# Build #4



## CarolinaNemo (Dec 11, 2008)

This is my fourth rod, and a big change in direction from the first three, which were heavy standup rods. Its a Batson SPG 722, for my wife. First spinning build, first freshwater build, first time wrapping single foot guides. It was kind of neat leaving the creativity up to her. She picked out the colors and helped lay out the spirals and scales patterns. I took some stock eva pieces and cut and reshaped them til it was comfortable to her. The little open wrap (another first) in the split grip could have been a little tighter, but overall I'm happy with how it turned out.


----------



## sunburntspike (Oct 4, 2010)

looks exceptional nemo,but 1 thing i would recommend,go to -rodbuilder.org-and look up "forham wrap",this is a technique that builder rich forham interduced to properly bind single foot guides,easy technique and guarantees the guides will never pull out,i know this is after you've built this rod,and the guide wraps you did are fine,just trying to pass on some knoweldge for the next one


----------



## CarolinaNemo (Dec 11, 2008)

Thanks for the tip Spike. I'm aware of the Forhan wrap, and chose not to use it on this build. No boat fishing, so no lockers to hang the guides on. I've fished most of my life and have never had a single foot pull out with a standard wrap (all factory rods).
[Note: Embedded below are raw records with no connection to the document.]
Lemma bailey_weight_sum n r : (r <= n)%nat -> P m1 n <> 0 -> P m2 n <> 0 ->
  csum (fun i => bailey_beta_weight n (r + i) / (Q i * P t (r + i + r))) (S (n - r))
  = bailey_alpha_weight r / (Q (n - r) * P t (n + r)).
Proof.
  intros Hr Hn1 Hn2.
  assert (HP : forall n, P t n <> 0) by (intros; apply qprod_pos_neq0; auto).
  set (m := (n - r)%nat). replace n with (r + m)%nat in * by (unfold m; lia).
  clearbody m. clear Hr.
  assert (E : l * (r1 * Cpow q r) * (r2 * Cpow q r) = t * Cpow q (r + r))
    by (rewrite Cpow_add_r, <- Htl; ring).
  assert (Hg : forall k, 1 - l * (r1 * Cpow q r) * (r2 * Cpow q r) * Cpow q k <> 0).
  { intros k. rewrite E, <- Cmult_assoc, <- Cpow_add_r. apply Ht. }
  assert (HP2 : forall n, P (t * Cpow q (r + r)) n <> 0).
  { intros; apply qprod_pos_neq0; intros k; rewrite <- Cmult_assoc, <- Cpow_add_r. apply Ht. }
  set (K := P r1 r * P r2 r * Cpow l r / (P m1 (r + m) * P m2 (r + m) * P t (r + r))).
  rewrite (csum_ext _ (fun i => K * saal_term (r1 * Cpow q r) (r2 * Cpow q r) l i (m - i))).
  - rewrite csum_scal, q_saalschutz by auto. unfold K, bailey_alpha_weight.
    rewrite E. rewrite (qprod_pos_add m1), (qprod_pos_add m2) in *.
    replace (r + m + r)%nat with ((r + r) + m)%nat by lia.
    rewrite (qprod_pos_add t (r + r) m).
    replace (m1 * Cpow q r) with (l * (r2 * Cpow q r)) in * by (rewrite <- Hm1; ring).
    replace (m2 * Cpow q r) with (l * (r1 * Cpow q r)) in * by (rewrite <- Hm2; ring).
    apply Cmult_neq_0_inv in Hn1. apply Cmult_neq_0_inv in Hn2.
    field. destruct Hn1, Hn2. repeat split; auto.
  - intros i Hi. unfold bailey_beta_weight, K, saal_term. rewrite E.
    replace (r + m - (r + i))%nat with (m - i)%nat by lia.
    replace (r + i + r)%nat with ((r + r) + i)%nat by lia.
    rewrite (qprod_pos_add r1 r i), (qprod_pos_add r2 r i), (qprod_pos_add t (r + r) i),
      (Cpow_add_r l r i).
    field. repeat split; auto.
Qed.
Definition linW a (D E : WW) : WW :=
  exist _ (linF a (sval D) (sval E)) (linF_der a (svalP D) (svalP E)).

Lemma ap_linW a D E u : laurent u -> ap (linW a D E) u = sc a * ap D u + ap E u.
Proof. by move=> hu; rewrite !(derF_mkL _ hu). Qed.

Lemma linW_lin_comb a D E : is_lin_comb a D E (linW a D E).
Proof. by []. Qed.

Definition brF (D E : L -> L) (f : L) : L :=
  mkL (laurentB (laurent_derF D (derF E (sval f))) (laurent_derF E (derF D (sval f)))).

Lemma brF_der D E : is_der D -> is_der E -> is_der (brF D E).
Proof.
move=> hD hE; split=> /= [a f g h -> | f g h ->];
  have hf := svalP f; have hg := svalP g;
  have hEf := laurent_derF E (sval f); have hEg := laurent_derF E (sval g);
  have hDf := laurent_derF D (sval f); have hDg := laurent_derF D (sval g).
- rewrite (derL hE a hf hg) (derL hD a hf hg) (derL hD a hEf hEg) (derL hE a hDf hDg).
  ring.
- rewrite (derM hE hf hg) (derM hD hf hg).
  rewrite (derD hD (laurentM hf hEg) (laurentM hEf hg)).
  rewrite (derD hE (laurentM hf hDg) (laurentM hDf hg)).
  rewrite (derM hD hf hEg) (derM hD hEf hg) (derM hE hf hDg) (derM hE hDf hg).
  ring.
Qed.

Definition brW (D E : WW) : WW := exist _ (brF (sval D) (sval E)) (brF_der (svalP D) (svalP E)).

Lemma ap_brW D E u : laurent u -> ap (brW D E) u = ap D (ap E u) - ap E (ap D u).
Proof. by move=> hu; rewrite (derF_mkL _ hu). Qed.

Lemma brW_bracket D E : is_bracket D E (brW D E).
Proof. by move=> f /=; rewrite !derFE. Qed.

Lemma coord_brW D E k : coord (brW D E) k = ap D (coord E k) - ap E (coord D k).
Proof. exact/ap_brW/laurent_xvar. Qed.
Lemma gsig_lipschitz P Q (s : {set {set 'I_K}}) w (a b eps : R) :
  0 < a -> a <= b -> 0 <= eps -> finset.trivIset s ->
  (forall i, 0 <= w i) -> \sum_(i < K) w i <= 1 -> is_dist_vec P -> is_dist_vec Q ->
  (forall i z, a <= P i z <= b) -> (forall i z, a <= Q i z <= b) ->
  (forall i z, `|P i z - Q i z| <= eps) ->
  `|gsig P s w - gsig Q s w| <= #|X|%:R * (ln b - ln a) * eps.
Proof.
move=> a0 ab e0 tr hw w1 hdP hdQ hP hQ hPQ; set c := _ * _ * eps.
have c0 : 0 <= c by rewrite !mulr_ge0 ?lnB_ge0.
rewrite /gsig -sumrB; apply: le_trans (ler_norm_sum _ _ _) _.
apply: le_trans (_ : _ <= \sum_(A in s) (\sum_(i in A) w i) * c) _.
  by apply: ler_sum => A _; apply: Gclu_lipschitz.
rewrite -mulr_suml -(finset.big_trivIset _ tr) ler_piMl //.
apply: le_trans w1; rewrite [X in _ <= X](bigID (mem (finset.cover s))) /=.
by rewrite lerDl sumr_ge0.
Qed.

Lemma Gsig_lipschitz (C : {set {set {set 'I_K}}}) P Q s w (d : R) : 0 <= d ->
  (forall t, t \in C -> `|gsig P t w - gsig Q t w| <= d) ->
  `|Gsig C P s w - Gsig C Q s w| <= d.
Proof.
move=> d0 hC; rewrite /Gsig; case: pickP => [t0 | _]; last by rewrite subrr normr0.
rewrite in_setD1 => /andP[_ /hC t0C]; apply: bigmin_lipschitz t0C _ => t.
by rewrite in_setD1 => /andP[_ /hC].
Qed.

Lemma pmin_le P i z : pmin P <= P i z.
Proof. by apply: le_trans (bigmin_le _ i _) _; apply: bigmin_le. Qed.

Lemma le_supdist P Q i z : `|P i z - Q i z| <= supdist P Q.
Proof.
apply: le_trans (le_bigmax _ _ i).
exact: (le_bigmax _ (fun a => `|P i a - Q i a|) z).
Qed.

Lemma dist_addr_le1 (p : X -> R) z z' : is_dist p -> z != z' -> p z + p z' <= 1.
Proof.
case=> p_ge0 <- zz'; rewrite (bigD1 z) //= lerD2l (bigD1 z') 1?eq_sym //= lerDl.
exact: sumr_ge0.
Qed.

Lemma le_1_sub_pmin P i z : (1 < #|X|)%N -> is_dist_vec P -> P i z <= 1 - pmin P.
Proof.
move=> /card_gt1P[x [y [_ _ xy]]] hP.
have [z' zz'] : exists z', z != z'.
  by case: (eqVneq z x) => [-> | zx]; [exists y | exists x].
by have := dist_addr_le1 (hP i) zz'; have := pmin_le P i z'; lra.
Qed.

End Clusters.

Theorem lemma6 (R : realType) (X : finType) (K : nat)
    (C : {set {set {set 'I_K}}}) (P : 'I_K -> X -> R) (eps : R) :
  (2 <= #|X|)%N -> (2 <= K)%N ->
  is_clustering_problem C ->
  is_dist_vec P ->
  0 < pmin P -> pmin P <= 1 / 2 ->
  0 < eps -> eps < pmin P / 2 ->
  forall (Q : 'I_K -> X -> R) (w : 'I_K -> R) (s : {set {set 'I_K}}),
    is_dist_vec Q -> supdist P Q <= eps ->
    in_int_simplex w -> s \in C ->
    let E := #|X|%:R * ln ((2 - pmin P) / pmin P) in
    `|gsig P s w - gsig Q s w| <= E * eps /\
    `|Gsig C P s w - Gsig C Q s w| <= E * eps.
Proof.
move=> hX _ [_ hyp] hdP p0 p_half e0 e_half Q w s hdQ hPQ [w_gt0 w1] sC E.
set p := pmin P in p0 p_half e_half E *.
have hPp i z : p <= P i z <= 1 - p.
  by rewrite pmin_le le_1_sub_pmin.
have hP i z : p / 2 <= P i z <= 1 - p / 2.
  by have /andP[? ?] := hPp i z; apply/andP; split; lra.
have hPQz i z : `|P i z - Q i z| <= eps := le_trans (le_supdist P Q i z) hPQ.
have hQ i z : p / 2 <= Q i z <= 1 - p / 2.
  have /andP[? ?] := hPp i z; have := hPQz i z.
  by rewrite ler_norml => /andP[? ?]; apply/andP; split; lra.
have E_eps : E * eps = #|X|%:R * (ln (1 - p / 2) - ln (p / 2)) * eps.
  rewrite /E -ln_div ?posrE; try lra.
  by congr (_ * ln _ * _); field; rewrite gt_eqF.
have hg t : t \in C -> `|gsig P t w - gsig Q t w| <= E * eps.
  move=> tC; rewrite E_eps; apply: gsig_lipschitz hdP hdQ hP hQ hPQz; try lra.
  - exact: hypothesis_trivIset (hyp t tC).
  - by move=> i; apply: ltW.
split; first exact: hg.
exact: Gsig_lipschitz (le_trans (normr_ge0 _) (hg s sC)) hg.
Qed.
Theorem mainTheorem1 :
  forall (d1 d2 i j k1 k2 : nat),
    (d1 < 10)%nat -> (d2 < 10)%nat -> d1 <> d2 ->
    (1 <= i)%nat -> (1 <= j)%nat ->
    is_series
      (fun n : nat =>
         (-1) ^ n * Binomial.C (j + n - 1) n / 10 ^ (j + n) *
         (INR d1 ^ n * t d1 d2 i (j + n) (Z.of_nat k1 - 1) (Z.of_nat k2)
          + INR d2 ^ n * t d1 d2 i (j + n) (Z.of_nat k1) (Z.of_nat k2 - 1)
          + other_digit_powsum d1 d2 n * t d1 d2 i (j + n) (Z.of_nat k1) (Z.of_nat k2)))
      (t d1 d2 (i + 1) j (Z.of_nat k1) (Z.of_nat k2)).
Proof.
  intros d1 d2 i j k1 k2 Hd1 Hd2 Hne Hi Hj.
  rewrite t_succ_sumR by exact Hi.
  eapply is_series_ext; [intro n; apply sumR_S_succ_digit_pow; assumption |].
  apply is_series_sumR; intros y Hy; apply in_range_ndigits in Hy.
  apply is_series_sumR; intros d Hd; apply in_seq in Hd.
  destruct (inS d1 d2 (i + 1) (Z.of_nat k1) (Z.of_nat k2) (10 * y + d)); [| apply is_series_0].
  pose proof (Nat.pow_nonzero 10 (i - 1)); apply is_series_inv_pow_mul10_add; lia.
Qed.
I may consider it on another build I've got in the works, which is an inshore type build that will see heavier use than this one, and possibly some yak use. Now that I've said that, the first time my wife uses it, it will probably lose a guide somehow!


----------



## Hudak (Sep 10, 2007)

Looks really great.


----------



## jmadre (Jan 3, 2008)

Looks good. I like that spiral wrap.


----------



## RuddeDogg (Mar 20, 2004)

Looks great!


----------



## Bigfisherman (Apr 22, 2005)

Sweet job.


----------



## fbiprez (Jul 6, 2009)

Very nice !!


----------